The Babadook (2014)     ★★★

Writer/director Jennifer Kent’s feature debut The Babadook is receiving near unanimous praise, but while it does show signs of confidence and above average acting for a horror film, that might set it apart from its contemporaries, it ultimately never quite manages to do justice to the genre it still very much wants to be a part of.

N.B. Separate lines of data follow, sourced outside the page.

(* Let $1\leq s\leq\infty$ and $n\geq 2$. Let $\lambda$ be an arc of class $\mathcal{C}^s$ in $\mathbb{R}^n$ and let $\Omega$ be a neighborhood of $\lambda$. Then there is a simple closed curve $\gamma$ of class $\mathcal{C}^s$ in $\mathbb{R}^n$ that contains $\lambda$ and is contained in $\Omega$.
   Context: An arc of class $\mathcal{C}^s$ is the image of an injective $\mathcal{C}^s$ map of a closed interval with nowhere-vanishing derivative; a simple closed curve of class $\mathcal{C}^s$ is the image of an injective $\mathcal{C}^s$ map of the unit circle with nowhere-vanishing derivative. Neighborhoods are open. *)

From Stdlib Require Import Reals.
From Coquelicot Require Import Coquelicot.
From mathcomp Require Import ssreflect ssrbool fintype.
Open Scope R_scope.

Definition Eucl (n : nat) := 'I_n -> R.

Inductive smoothness := Fin (k : nat) | Inf.

Definition smooth_ge1 (s : smoothness) : Prop :=
  match s with Fin k => (1 <= k)%nat | Inf => True end.

Definition Ck_real (k : nat) (f : R -> R) : Prop :=
  forall m : nat, (m <= k)%nat ->
    forall x : R, ex_derive_n f m x /\ continuous (Derive_n f m) x.

Definition Cs_real (s : smoothness) (f : R -> R) : Prop :=
  match s with
  | Fin k => Ck_real k f
  | Inf => forall k, Ck_real k f
  end.

Definition Cs_map {n : nat} (s : smoothness) (f : R -> Eucl n) : Prop :=
  forall i : 'I_n, Cs_real s (fun t => f t i).

Definition deriv_nonzero {n : nat} (f : R -> Eucl n) (t : R) : Prop :=
  exists i : 'I_n, Derive (fun u => f u i) t <> 0.

(* A C^s map on the closed interval is taken
   to be the restriction of a C^s map defined on R (equivalent by Whitney /
   Seeley extension). *)
Definition is_arc {n : nat} (s : smoothness) (L : Eucl n -> Prop) : Prop :=
  exists f : R -> Eucl n,
    Cs_map s f /\
    (forall t1 t2, 0 <= t1 <= 1 -> 0 <= t2 <= 1 -> f t1 = f t2 -> t1 = t2) /\
    (forall t, 0 <= t <= 1 -> deriv_nonzero f t) /\
    (forall p, L p <-> exists t, 0 <= t <= 1 /\ p = f t).

(* A simple closed curve of class C^s: image of an injective C^s map of the
   unit circle with nowhere-vanishing derivative; maps of the circle
   R/Z are represented by 1-periodic maps R -> R^n, injective on [0,1). *)
Definition is_simple_closed_curve {n : nat} (s : smoothness) (G : Eucl n -> Prop)
  : Prop :=
  exists g : R -> Eucl n,
    Cs_map s g /\
    (forall t, g (t + 1) = g t) /\
    (forall t1 t2, 0 <= t1 < 1 -> 0 <= t2 < 1 -> g t1 = g t2 -> t1 = t2) /\
    (forall t, deriv_nonzero g t) /\
    (forall p, G p <-> exists t, p = g t).

(* open subsets of R^n (Euclidean topology = product/sup-norm topology) *)
Definition open_Rn {n : nat} (O : Eucl n -> Prop) : Prop :=
  forall p, O p -> exists eps : R, 0 < eps /\
    forall q : Eucl n, (forall i, Rabs (q i - p i) < eps) -> O q.

Definition nbhd_of {n : nat} (O L : Eucl n -> Prop) : Prop :=
  open_Rn O /\ (forall p, L p -> O p).

(* Extend the parametrisation f of the arc slightly beyond [0,1] and choose a C^s vector
   field w along it that is uniformly transverse to f': in the plane a rotated difference
   quotient of f; in higher dimension a sum of bumps, each pointing on a short piece of the
   parameter interval along a coordinate in which f' is not dominant there, so that w
   vanishes in the dominant coordinate of f' and is bounded below in another one.
   Transversality makes (t, r) |-> f t + eps r w t injective and immersive on
   [-eps, 1 + eps] x [0, 1] for small eps, with image in the neighbourhood. Running t back
   and forth through this strip along the loop th |-> (sweep th, lift th), at height r = 0
   on the way out and at positive height on the way back, gives the closed curve. The
   height is psi (sin (2 pi th) + eps / 4) with the flat function psi x = exp (-1/x)
   (x > 0), so it vanishes on the outgoing half, and where the sweep turns back its
   derivative is nonzero. *)

From Stdlib Require Import Reals.
From Coquelicot Require Import Coquelicot.
From mathcomp Require Import ssreflect ssrbool fintype.
From Stdlib Require Import Lra Lia Psatz FunctionalExtensionality Classical ClassicalEpsilon.
From mathcomp Require Import eqtype seq.
Open Scope R_scope.

(** * Functions of class C^k *)

(* A recursive form of [Ck_real] (see [Ck_realE]), for which the closure properties below
   follow by induction on k. *)
Fixpoint Ck (k : nat) (F : R -> R) : Prop :=
  match k with
  | O => forall x, continuous F x
  | S k => (forall x, ex_derive F x) /\ Ck k (Derive F)
  end.

Lemma Ck_ext k F G : (forall x, F x = G x) -> Ck k F -> Ck k G.
Proof. by move=> /functional_extensionality <-. Qed.

Lemma Ck_continuous {k F} : Ck k F -> forall x, continuous F x.
Proof.
  case: k => [|k] /= HF x; first exact: HF.
  apply: ex_derive_continuous; exact: (proj1 HF).
Qed.

Lemma Ck_pred {k F} : Ck (S k) F -> Ck k F.
Proof.
  elim: k F => [|k IH] F HF; first exact: Ck_continuous HF.
  case: HF => HF1 HF2; split => //; exact: IH.
Qed.

Lemma Ck_le k m F : (m <= k)%nat -> Ck k F -> Ck m F.
Proof. elim=> // k' _ IH /Ck_pred; exact: IH. Qed.

Lemma Ck_const k c : Ck k (fun _ => c).
Proof.
  elim: k c => [|k IH] c /=; first by move=> x; apply: continuous_const.
  split; first by move=> x; auto_derive.
  apply: Ck_ext (IH 0) => x; by rewrite Derive_const.
Qed.

Lemma Ck_id k : Ck k (fun x => x).
Proof.
  case: k => [|k] /=; first by move=> x; apply: continuous_id.
  split; first by move=> x; auto_derive.
  apply: Ck_ext (Ck_const k 1) => x; by rewrite Derive_id.
Qed.

Lemma Ck_plus k F G : Ck k F -> Ck k G -> Ck k (fun x => F x + G x).
Proof.
  elim: k F G => [|k IH] F G /= HF HG.
    by move=> x; apply: continuous_plus.
  case: HF HG => [HF1 HF2] [HG1 HG2]; split; first by move=> x; apply: ex_derive_plus.
  apply: Ck_ext (IH _ _ HF2 HG2) => x; by rewrite Derive_plus.
Qed.

Lemma Ck_mult k F G : Ck k F -> Ck k G -> Ck k (fun x => F x * G x).
Proof.
  elim: k F G => [|k IH] F G HF HG.
    by move=> x; apply: continuous_mult; [apply: HF | apply: HG].
  have [HF' HG'] := conj (Ck_pred HF) (Ck_pred HG).
  case: HF HG => [HF1 HF2] [HG1 HG2]; split; first by move=> x; apply: ex_derive_mult.
  apply: (@Ck_ext _ (fun x => Derive F x * G x + F x * Derive G x)).
    by move=> x; rewrite Derive_mult.
  apply: Ck_plus; exact: IH.
Qed.

Lemma Ck_comp k F G : Ck k F -> Ck k G -> Ck k (fun x => F (G x)).
Proof.
  elim: k F G => [|k IH] F G HF HG.
    by move=> x; apply: continuous_comp; [apply: HG | apply: HF].
  have [HF' HG'] := conj (Ck_pred HF) (Ck_pred HG).
  case: HF HG => [HF1 HF2] [HG1 HG2]; split; first by move=> x; apply: ex_derive_comp.
  apply: (@Ck_ext _ (fun x => Derive G x * Derive F (G x))).
    by move=> x; rewrite (Derive_comp F G x).
  apply: Ck_mult => //; exact: IH.
Qed.

Lemma Ck_scal k c F : Ck k F -> Ck k (fun x => c * F x).
Proof. exact/Ck_mult/Ck_const. Qed.

Lemma Ck_minus k F G : Ck k F -> Ck k G -> Ck k (fun x => F x - G x).
Proof.
  move=> HF HG; apply: (@Ck_ext _ (fun x => F x + (-1) * G x)) => [x|]; first ring.
  exact/Ck_plus/Ck_scal.
Qed.

Lemma Ck_sin_cos k : Ck k sin /\ Ck k cos.
Proof.
  elim: k => [|k [Hs Hc]] /=.
    by split=> x; apply/continuity_pt_filterlim; [apply: continuity_sin | apply: continuity_cos].
  split; split; try by move=> x; auto_derive.
  - apply: Ck_ext Hc => x; symmetry; exact/is_derive_unique/is_derive_sin.
  - apply: (@Ck_ext _ (fun x => -1 * sin x)); last exact: Ck_scal.
    move=> x; rewrite (is_derive_unique _ _ _ (is_derive_cos x)); ring.
Qed.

The Babadook is about a single mother named Amelia troubled by both the violent death of her husband years ago and the current hyperactivity of her child, and who begins to experience hallucinations of a mysterious and evil character from a strange children’s book called “Mister Babadook” that one day appears in her house. Guilt, repression, sadness, alienation, you name it and Amelia experiences it on a daily basis. Problematic for the film, though, is the way the occasionally grueling second act is structured in starts and stops. Kent telegraphs her subtext in the opening scenes, with the film’s style and rhythm borrowing from an odd mixture of Tim Burton and the Coen brothers, so that all we have to carry us through the middle hour is the repetition of the same anguish felt by Amelia, accompanied by the forced escalation of more and more prominent Babadook sightings which seem to appear at the director’s whim. The result for me makes the film almost comedic in tone, certainly not terrifying in the least. For example, Simon Njoo’s rapid editing of a typical scene will involve the exaggerated compression of time that just draws attention to the events in the narrative as huge intrusions in Amelia’s life, such as seeing two people talking and hearing a door bell and immediately cutting to the door opening and revealing a grinning character who is not going to make her life any easier, or there will be an extended beat when interacting with others to suggest just how alone she is. Kent plays her hand too soon, leaving nowhere to go but towards absurdity, which is probably why a pivotal scene where Amelia answers the telephone to hear an obnoxiously creepy scratchy voice saying “ba…ba…dook…dook…dook” had me howling with laughter instead of completely unglued. I can only empathize so much with Amelia until I start to see her with the same expressions of patronizing terror that her son Sam shoots her (a terrific Noah Wiseman, who has a great career ahead of him).

Many films, especially indies, succumb during their second acts, and for all its pretensions The Babadook is no different. There are some great qualities to it that make it worth watching, but it is too bogged-down by its thematic weight to actually become a horror film when it needs to become a horror film, and because of that it feels at times like a short that has been stretched out to feature length.